====== ENTRIES SHOWN ======

Lemma sorted_geq_nseq_cat a x (l : seq nat) :
  sorted geq l -> all (geq x) l -> sorted geq (nseq a x ++ l).
Proof.
have geq_trans : transitive geq by move=> y x' z le_x'y le_zx'; apply: leq_trans le_zx' le_x'y.
move=> sorted_l le_l_x; elim: a => [|a IHa] //=.
by rewrite (path_sortedE geq_trans) IHa andbT all_cat all_nseq /= leqnn orbT.
Qed.

Variables (n s : nat).
Hypothesis le_2s_n : 2 ^ s <= n.

Definition pow2_ones_seq :=
  nseq (n %/ 2 ^ s) (2 ^ s) ++ nseq (n %% 2 ^ s) 1 ++ nseq (n - n %/ 2 ^ s - n %% 2 ^ s) 0.

Lemma mem_pow2_ones_seq_le x : x \in pow2_ones_seq -> x <= n.
Proof.
rewrite !mem_cat => /or3P [] /nseqP [-> _] //.
by rewrite (leq_trans _ le_2s_n) ?expn_gt0.
Qed.

Lemma size_pow2_ones_seq : size (map (@inord n) pow2_ones_seq) == n.
Proof.
rewrite size_map !size_cat !size_nseq; apply/eqP.
have := divn_eq n (2 ^ s); have : n %/ 2 ^ s <= n %/ 2 ^ s * 2 ^ s.
  by rewrite leq_pmulr ?expn_gt0.
lia.
Qed.

Definition pow2_ones_part : n.-tuple 'I_n.+1 := Tuple size_pow2_ones_seq.

Lemma parts_pow2_ones_part : parts pow2_ones_part = pow2_ones_seq.
Proof.
rewrite /parts /= -map_comp -[RHS]map_id.
by apply/eq_in_map => x /mem_pow2_ones_seq_le le_x_n /=; rewrite inordK.
Qed.

Lemma pow2_ones_part_bin : is_bin_part pow2_ones_part.
Proof.
rewrite /is_bin_part parts_pow2_ones_part; apply/and3P; split.
- apply: sorted_geq_nseq_cat.
    by rewrite sorted_geq_nseq_cat ?all_nseq ?orbT // -[nseq _ 0]cats0 sorted_geq_nseq_cat.
  by rewrite all_cat !all_nseq /= expn_gt0 !orbT.
- rewrite !all_cat; apply/and3P; split; apply/allP => y /nseqP [-> _] //.
  + by apply/orP; right; apply/is_pow2P; exists s.
  + by apply/orP; right; apply/is_pow2P; exists 0.
- rewrite !sumn_cat !sumn_nseq /=; apply/eqP.
  have := divn_eq n (2 ^ s); lia.
Qed.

======

From the entries above, collect every line with the string "Lemma" in it.

### TASK SOLUTION
Lemma sorted_geq_nseq_cat a x (l : seq nat) :
Lemma mem_pow2_ones_seq_le x : x \in pow2_ones_seq -> x <= n.
Lemma size_pow2_ones_seq : size (map (@inord n) pow2_ones_seq) == n.
Lemma parts_pow2_ones_part : parts pow2_ones_part = pow2_ones_seq.
Lemma pow2_ones_part_bin : is_bin_part pow2_ones_part.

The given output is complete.